You are on page 1of 16

BAB I PERMASALAHAN

Apabila kita meneliti UUD 1945, kita akan menemukan unsur-unsur negara

hukum yaitu sebagai berikut : pertama, prinsip kedaulatan rakyat (pasal 1 ayat 2),

kedua, pemerintahan berdasarkan konstitusi (penjelasan UUD 1945), ketiga, jaminan

terhadap hak-hak asasi manusia (pasal 27, 28, 29, 31), keempat, pembagian kekuasaan

(pasal 2, 4, 16, 19), kelima, pengawasan peradilan (pasal 24), keenam, partisipasi

warga negara (pasal 28), ketujuh, sistem perekonomian (pasal 33).

Eksistensi Indonesia sebagai negara hukum secara tegas disebutkan dalam

Penjelasan UUD 1945 : “Indonesia ialah negara yang berdasar atas hukum

(rechtsstaat)”. Idelalitas negara berdasarkan hukum ini pada dataran implementasi

memiliki karakteristik yang beragam, sesuai dengan muatan lokal, falsafah bangsa,

ideologi negara, dan latar belakang historis masing-masing negara. Oleh karena itu,

secara historis dan praktis, konsep negara hukum muncul dalam berbagai model seperti

negara hukum menurut Qur’an dan Sunnah atau nomokrasi Islam, negara hukum

menurut konsep Anglo Saxon, konsep socialist legality, dan konsep negara hukum

Pancasila yang ada di negara kita, Indonesia.

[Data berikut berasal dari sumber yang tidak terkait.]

Lemma word_of_ord_gt m :
  ord_gt tau (Datatypes.S m) ->
  exists w, length w = m /\ (forall s, In s w -> S s /\ s <> e) /\
    forall i j, 1 <= i -> i <= j -> j <= m -> ~ S (inv (word_prod mul e w i j)).
Proof.
  intros Hord.
  assert (Hneq := proj1 (ord_gt_iff_iter_injective _ _ _) Hord m (Datatypes.S m) ltac:(lia)).
  assert (Hflip : exists x g, flips x m g).
  { apply NNPP; intros Hno; apply Hneq.
    extensionality x; extensionality g.
    apply NNPP; intros Hd; apply Hno; now exists x, g. }
  destruct Hflip as [x [g Hg]].
  destruct (flips_walk x m g Hg m (le_n m)) as [w [Hlen [Hw Hflips]]].
  exists w; split; [exact Hlen|]; split; [exact Hw|].
  intros i j Hi Hij Hj HS.
  set (P := word_prod mul e w i j) in HS.
  (* the (i-1)-th cell is the neighbour P^-1 of the j-th, so it is 0 too early *)
  assert (Hnb : word_walk w g (i - 1) = mul (inv P) (word_walk w g j)).
  { rewrite (word_walk_split w g i j) by lia; symmetry; apply mulKg. }
  apply (a0_not_flips x (m - (i - 1)) (Datatypes.S (m - j)) (word_walk w g (i - 1)));
    [lia | | apply Hflips; lia].
  rewrite Hnb; apply flips_clears_neighbourhood; [apply Hflips; lia | exact HS].
Qed.

Section WordConfiguration.

Variables (m : nat) (w : list G).
Hypotheses (hlen : m <= length w) (hletters : forall s, In s w -> S s /\ s <> e)
  (hfree : forall i j, 1 <= i -> i <= j -> j <= m -> ~ S (inv (word_prod mul e w i j))).

Let d := word_walk w e.

Lemma walk_not_neighbour k k' s : k < k' <= m -> S s -> mul s (d k') <> d k.
Proof.
  intros Hk HSs E.
  set (P := word_prod mul e w (Datatypes.S k) k').
  assert (Hsplit : d k' = mul P (d k)).
  { unfold d; rewrite (word_walk_split w e (Datatypes.S k) k') by lia.
    now rewrite Nat.sub_succ, Nat.sub_0_r. }
  apply (hfree (Datatypes.S k) k'); try lia; fold P.
  replace (inv P) with s; [exact HSs|].
  apply inv_unique_l, (mul_cancel_r (d k)).
  now rewrite <- mulA, <- Hsplit, mul1g.
Qed.

Definition alive (t : nat) (h : G) : Prop := exists k, k + t <= m /\ h = d k.

Definition config (t : nat) : G -> A :=
  fun h => if excluded_middle_informative (alive t h) then a1 else a0.

Lemma config_alive t h : alive t h -> config t h = a1.
Proof. unfold config; now destruct excluded_middle_informative. Qed.

Lemma config_dead t h : ~ alive t h -> config t h = a0.
Proof. unfold config; now destruct excluded_middle_informative. Qed.

(* The cell d k has the next cell d (k+1) = s_(k+1) d k as a neighbour, so only
   the last cell still alive is active. *)
Lemma tau_config t : tau (config t) = config (Datatypes.S t).
Proof.
  extensionality h.
  destruct (classic (alive (Datatypes.S t) h)) as [Hl|Hd].
  - rewrite (config_alive _ _ Hl); destruct Hl as [k [Hk ->]].
    rewrite tau_inactive; [apply config_alive; exists k; split; [lia | reflexivity]|].
    intros [_ Hn].
    assert (Hin : In (nth k w e) w) by (apply nth_In; lia).
    destruct (hletters _ Hin) as [HSs Hne].
    specialize (Hn _ HSs Hne); apply h01; rewrite <- Hn.
    apply config_alive; exists (Datatypes.S k); split; [lia | reflexivity].
  - rewrite (config_dead _ _ Hd).
    destruct (classic (alive t h)) as [[k [Hk ->]]|Hd'].
    + apply tau_active; split; [apply config_alive; now exists k|].
      intros s HSs Hne; apply config_dead; intros [k' [Hk' E]].
      destruct (Nat.lt_total k' k) as [Hlt|[->|Hgt]].
      * apply (walk_not_neighbour k' k s ltac:(lia) HSs E).
      * apply Hne, (mul_cancel_r (d k)); now rewrite mul1g.
      * apply Hd; exists k; split; [lia | reflexivity].
    + now apply tau_a0, config_dead.
Qed.

Lemma iter_config t : iter_fun t tau (config 0) = config t.
Proof. induction t as [|t IH]; simpl; [reflexivity|]; now rewrite IH, tau_config. Qed.

Lemma ord_gt_of_word : ord_gt tau (Datatypes.S m).
Proof.
  apply ord_gt_iff_iter_injective; intros a b Hab E.
  assert (Ea := iter_config a); assert (Eb := iter_config b).
  apply (f_equal (fun y => y (d (m - a)))) in Ea, Eb.
  apply h01; rewrite <- (config_dead b (d (m - a))), <- (config_alive a (d (m - a))).
  - now rewrite <- Ea, <- Eb, E.
  - exists (m - a); split; [lia | reflexivity].
  - intros [k [Hk Ek]].
    apply (walk_not_neighbour k (m - a) e ltac:(lia) he); now rewrite mul1g.
Qed.

End WordConfiguration.

End LazyAutomaton.

Theorem proposition4
  (G : Type) (mul : G -> G -> G) (inv : G -> G) (e : G)
  (hG : is_group G mul inv e)
  (A : Type) (a0 a1 : A) (h01 : a0 <> a1)
  (S : G -> Prop) (hSfin : finite_subset S) (he : S e)
  (hSne : exists s, S s /\ s <> e)
  (p : elt S -> A)
  (hp : forall s : elt S,
          (proj1_sig s = e -> p s = a1) /\ (proj1_sig s <> e -> p s = a0))
  (tau : (G -> A) -> (G -> A)) (mu : (elt S -> A) -> A)
  (htau : is_CA_with mul S tau mu)
  (hlazy : lazy_with he mu p)
  (hwrite : mu p = a0)
  (n : nat) (hn : 2 <= n) :
  ord_gt tau n <->
  exists w : list G,
    length w = n - 1 /\
    (forall s, In s w -> S s /\ s <> e) /\
    (forall i j, 1 <= i -> i <= j -> j <= n - 1 ->
       ~ S (inv (word_prod mul e w i j))).
Proof.
  destruct n as [|m]; [lia|].
  replace (Datatypes.S m - 1) with m by lia.
  split.
  - eapply word_of_ord_gt; eauto.
  - intros [w [Hlen [Hw Hfree]]].
    eapply ord_gt_of_word; eauto; lia.
Qed.
Definition triangle x y z : set (R * R) :=
  [set q | exists a b c : R, [/\ 0 <= a, 0 <= b, 0 <= c, a + b + c = 1 &
    q = (a * x.1 + b * y.1 + c * z.1, a * x.2 + b * y.2 + c * z.2)]].

Definition segment_point (t : R) x y : R * R :=
  (t * x.1 + (1 - t) * y.1, t * x.2 + (1 - t) * y.2).

Lemma triangle_fst_between x y z (lo hi : R) :
  lo <= x.1 <= hi -> lo <= y.1 <= hi -> lo <= z.1 <= hi ->
  triangle x y z `<=` [set q | lo <= q.1 <= hi].
Proof.
move=> /andP[x1 x2] /andP[y1 y2] /andP[z1 z2] _ [a [b [c [a0 b0 c0 abc ->]]]] /=.
by rewrite convex3_ge ?convex3_le.
Qed.

Lemma triangle_norm_le x y z (M : R) :
  [/\ `|x.1| <= M, `|y.1| <= M & `|z.1| <= M] ->
  [/\ `|x.2| <= M, `|y.2| <= M & `|z.2| <= M] ->
  triangle x y z `<=` [set q | `|q.1| <= M /\ `|q.2| <= M].
Proof.
have norm3 (a b c u v w : R) : 0 <= a -> 0 <= b -> 0 <= c ->
    `|a * u + b * v + c * w| <= a * `|u| + b * `|v| + c * `|w|.
  move=> a0 b0 c0; apply: le_trans (ler_normD _ _) _.
  rewrite lerD //; last by rewrite normrM ger0_norm.
  apply: le_trans (ler_normD _ _) _.
  by rewrite lerD // normrM ger0_norm.
move=> [x1 y1 z1] [x2 y2 z2] _ [a [b [c [a0 b0 c0 abc ->]]]] /=.
by split; apply: le_trans (norm3 _ _ _ _ _ _ a0 b0 c0) _; rewrite convex3_le.
Qed.

Lemma triangle_sub_conv_hull s i j k : (i < size s)%N -> (j < size s)%N ->
  (k < size s)%N ->
  triangle (nth (0, 0) s i) (nth (0, 0) s j) (nth (0, 0) s k) `<=` conv_hull s.
Proof.
move=> hi hj hk q [a [b [c [a0 b0 c0 abc ->]]]].
pose I := Ordinal hi; pose J := Ordinal hj; pose K := Ordinal hk.
pose w u := a * (u == I)%:R + b * (u == J)%:R + c * (u == K)%:R.
have sum_w (h : 'I_(size s) -> R) : \sum_u w u * h u = a * h I + b * h J + c * h K.
  under eq_bigr => u _ do rewrite !mulrDl -!mulrA.
  by rewrite !big_split /= -!mulr_sumr !sum_indicator.
exists w; split; first by move=> u; rewrite !addr_ge0 // mulr_ge0.
split; last by rewrite !sum_w.
by under eq_bigr do rewrite -[w _]mulr1; rewrite sum_w !mulr1.
Qed.

Lemma conv_hull_nth s i : (i < size s)%N -> conv_hull s (nth (0, 0) s i).
Proof.
move=> hi; apply: (triangle_sub_conv_hull hi hi hi).
exists 1, 0, 0; split; rewrite ?addr0 //=.
by rewrite !mul0r !mul1r !addr0 -surjective_pairing.
Qed.

Lemma conv_hull_convex s x y t : conv_hull s x -> conv_hull s y -> 0 <= t <= 1 ->
  conv_hull s (segment_point t x y).
Proof.
move=> [w [w0 [w1 ->]]] [v [v0 [v1 ->]]] /andP[t0 t1].
exists (fun i => t * w i + (1 - t) * v i); split.
  by move=> i; rewrite addr_ge0 // mulr_ge0 // subr_ge0.
split; first by rewrite big_split /= -!mulr_sumr w1 v1 !mulr1 addrC subrK.
by congr pair; rewrite !mulr_sumr -big_split; apply: eq_bigr => i _ /=; ring.
Qed.

End ConvexHull.

Section HalfPlanes.
Variable R : realType.
Implicit Types (s : seq (R * R)) (F : seq (R * R * R)) (f g : R * R * R)
  (x y p q : R * R).

Definition affine f q : R := f.1.1 * q.1 + f.1.2 * q.2 + f.2.

Definition halfplanes F : pred (R * R) := fun q => all (fun f => 0 <= affine f q) F.

Lemma affine_segment f t x y :
  affine f (segment_point t x y) = t * affine f x + (1 - t) * affine f y.
Proof. rewrite /affine /segment_point /=; ring. Qed.
Lemma size_rankings t S : size S = internals t -> size (rankings t S) = ranking_count t.
Proof.
elim: t S => [|a IHa b IHb] [|x S] //= [size_S].
set k := ranking_count a * ranking_count b.
set blocks := map _ (child_splits a b S).
rewrite size_flatten; have /all_pred1P-> : all (pred1 k) (shape blocks).
  apply/allP => _ /mapP[_ /mapP[AB AB_in ->] ->] /=.
  have [size_A size_B] := size_mem_child_splits size_S AB_in.
  by rewrite size_allpairs IHa ?IHb.
by rewrite sumn_nseq !size_map size_child_splits // mulnC mulnA.
Qed.

Lemma bin_odd_double m : 'C(m + m.+1, m) * 2 = 'C(m.+1 + m.+1, m.+1).
Proof.
by rewrite addSn binS -(bin_sub (leq_addl m m.+1)) addnK muln2 -addnn.
Qed.

(* For a cherry there is no label left to split, so the symmetry costs no factor 2. *)
Lemma nchild_splits_sym a b :
  nchild_splits a b * 2 ^ isob a b =
  'C(internals a + internals b, internals a) * 2 ^ (is_leaf a && is_leaf b).
Proof.
rewrite /nchild_splits; case: ifP => iab; last by case: a b iab => [|? ?] [|? ?].
rewrite -(isob_internals iab); case: a iab => [|a1 a2] /=; first by case: b.
by rewrite addSn bin_odd_double muln1.
Qed.

Lemma ranking_count_hook t :
  ranking_count t * hook_prod t * 2 ^ sym_nodes t = (internals t)`! * 2 ^ cherries t.
Proof.
elim: t => [|a IHa b IHb] //=.
have fact_ab : (internals a + internals b)`! =
    'C(internals a + internals b, internals a) * ((internals a)`! * (internals b)`!).
  by rewrite -(bin_fact (leq_addr (internals b) (internals a))) addKn.
rewrite !expnD factS fact_ab.
transitivity (nchild_splits a b * 2 ^ isob a b * (internals a + internals b).+1 *
  (ranking_count a * hook_prod a * 2 ^ sym_nodes a) *
  (ranking_count b * hook_prod b * 2 ^ sym_nodes b)); first ring.
rewrite nchild_splits_sym IHa IHb; ring.
Qed.

Lemma hook_prod_gt0 t : 0 < hook_prod t.
Proof. by elim: t => //= a IHa b IHb; rewrite !muln_gt0 IHa IHb. Qed.

Import GRing.Theory Num.Theory.
Local Open Scope ring_scope.

Lemma ranking_countE (R : numFieldType) t :
  (ranking_count t)%:R = ((internals t)`!)%:R / (hook_prod t)%:R
                         * (2 : R) ^ ((cherries t)%:Z - (sym_nodes t)%:Z).
Proof.
have hook_neq0 : (hook_prod t)%:R != 0 :> R by rewrite pnatr_eq0 -lt0n hook_prod_gt0.
have pow2_neq0 : (2 : R) ^+ sym_nodes t != 0 by rewrite expf_neq0 ?pnatr_eq0.
apply: (mulIf (mulf_neq0 hook_neq0 pow2_neq0)).
rewrite mulrA -natrM -natrX -natrM ranking_count_hook natrM !natrX.
rewrite expfzDr ?pnatr_eq0 // -invr_expz -!exprnP.
by field; rewrite pow2_neq0 hook_neq0.
Qed.

Unset Implicit Arguments.

Theorem lemma2p4 (n : nat) (t : tree) :
  (2 <= n)%N -> leaves t = n ->
  exists L : seq rtree,
    [/\ all (fun r => is_ranking r && isob (forget r) t) L,
        (forall r : rtree, is_ranking r -> isob (forget r) t -> has (risob r) L),
        pairwise (fun r1 r2 => ~~ risob r1 r2) L &
        (size L)%:R = ((n.-1)`!)%:R / (hook_prod t)%:R
                      * (2 : rat) ^ ((cherries t)%:Z - (sym_nodes t)%:Z)].
Proof.
move=> _ <-; rewrite leaves_internals /=.
have sorted_iota : sorted ltn (iota 1 (internals t)) := iota_ltn_sorted 1 _.
exists (rankings t (iota 1 (internals t))); split.
- apply/allP => r /(rankings_sound sorted_iota) [perm_r heap_r iso_r].
  by rewrite is_rankingE heap_r iso_r (perm_size perm_r) size_iota perm_r.
- move=> r; rewrite is_rankingE size_rlabels => /andP[heap_r perm_r] iso_r.
  by apply: rankings_complete; rewrite // -(isob_internals iso_r).
- exact: rankings_pairwise.
- by rewrite size_rankings ?size_iota // ranking_countE.
Qed.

Dalam negara hukum, setiap tindakan pemerintah harus berdasarkan atas

hukum karena dalam negara hukum terdapat prinsip wetmatigheid van bestuur atau

asas legalitas. Asas ini menentukan bahwa tanpa adanya dasar wewenang yang

diberikan oleh suatu peraturan perundang-undangan yang berlaku, maka segala macam
aparat pemerintah tidak akan memiliki wewenang yang dapat mempengaruhi atau

mengubah keadaan atau posisi hukum masyarakatnya. Meskipun demikian, dalam

kondisi tertentu terutama ketika pemerintah harus bertindak cepat untuk menyelesaikan

persoalan konkret dalam masyarakat dan peraturan perundang-undangan belum

tersedia maka pemerintah diberi kebebasan bertindak (discresionare power) yaitu

melalui freies Ermessen, yang diartikan sebagai salah satu sarana yang memberikan

ruang gerak bagi pejabat atau badan-badan administrasi negara untuk melakukan

tindakan tanpa harus terikat sepenuhnya pada undang-undang

Dalam menciptakan produk hukum untuk menyelenggarakan kesejahteraan

umum dan mewujudkan tujuan negara sebagaimana termaktub dalam Pembukaan

UUD 1945, perlu diperhatikan asas dan sistem hukum. Salah satu hal penting yang

harus mendapat perhatian lebih adalah sumber hukum.

Di dalam kehidupan masyarakat berlaku berbagai ketentuan, seperti moral,

sopan santun, agama, dan hukum. Seringkali produk hukum di bidang pemerintahan

atau bidang lainnya terdapat ketidaksesuaian antara ketentuan hukum yang telah

ditetapkan atau yang harus dilaksanakan dengan kenyataan kehidupan masyarakat yang

dihadapi. Atau bahkan tidak sesuai dengan falsafah bangsa, Pancasila. Sebagai contoh

Pemilihan Langsung baik Presiden atau Kepala Pemerintahan lainnya. Kemudian

pengambilan keputusan dengan metode suara terbanyak (voting). Sebagaimana

diketahui bahwa Pancasila mengamanatkan dalam sila keempatnya “Kerakyatan yang

dipimpin oleh hikmat kebijaksanaan dalam permusyawaratan/perwakilan” agar


permusyawaratan/perwakilan digunakan dalam pengambilan keputusan, termasuk

pemilihan kepala pemerintahan tersebut.

Hal tersebut dapat terjadi karena kurangnya/ditinggalkannya penelitian

terhadap sumber-sumber hukum dalam menciptakan suatu produk hukum. Dalam

makalah ini akan dibahas tentang sumber hukum dan peranannya dalam menciptakan

produk hukum agar produk hukum yang diciptakan dapat semaksimal mungkin efektif

pelaksanaannya dan mengurangi adanya pertentangan dengan ketentuan-ketentuan

yang ada dalam masyarakat.


BAB II PEMBAHASAN

A. Pengertian Sumber Hukum

Apakah yang disebut “sumber hukum”? Dalam bahasa Inggris, sumber hukum

disebut source of law. Perkataan sumber hukum berbeda dengan dasar hukum,

landasan hukum ataupun payung hukum. Dasar hukum adalah legal basis atau legal

ground yaitu norma hukum yang mendasari suatu tindakan atau perbuatan hukum

tertentu sehingga dapat dianggap sah atau dapat dibenarkan secara hukum. Sedangkan

perkataan sumber hukum lebih menunjuk kepada pengertian tempat darimana asal

muasal suatu nilai atau norma tertentu berasal.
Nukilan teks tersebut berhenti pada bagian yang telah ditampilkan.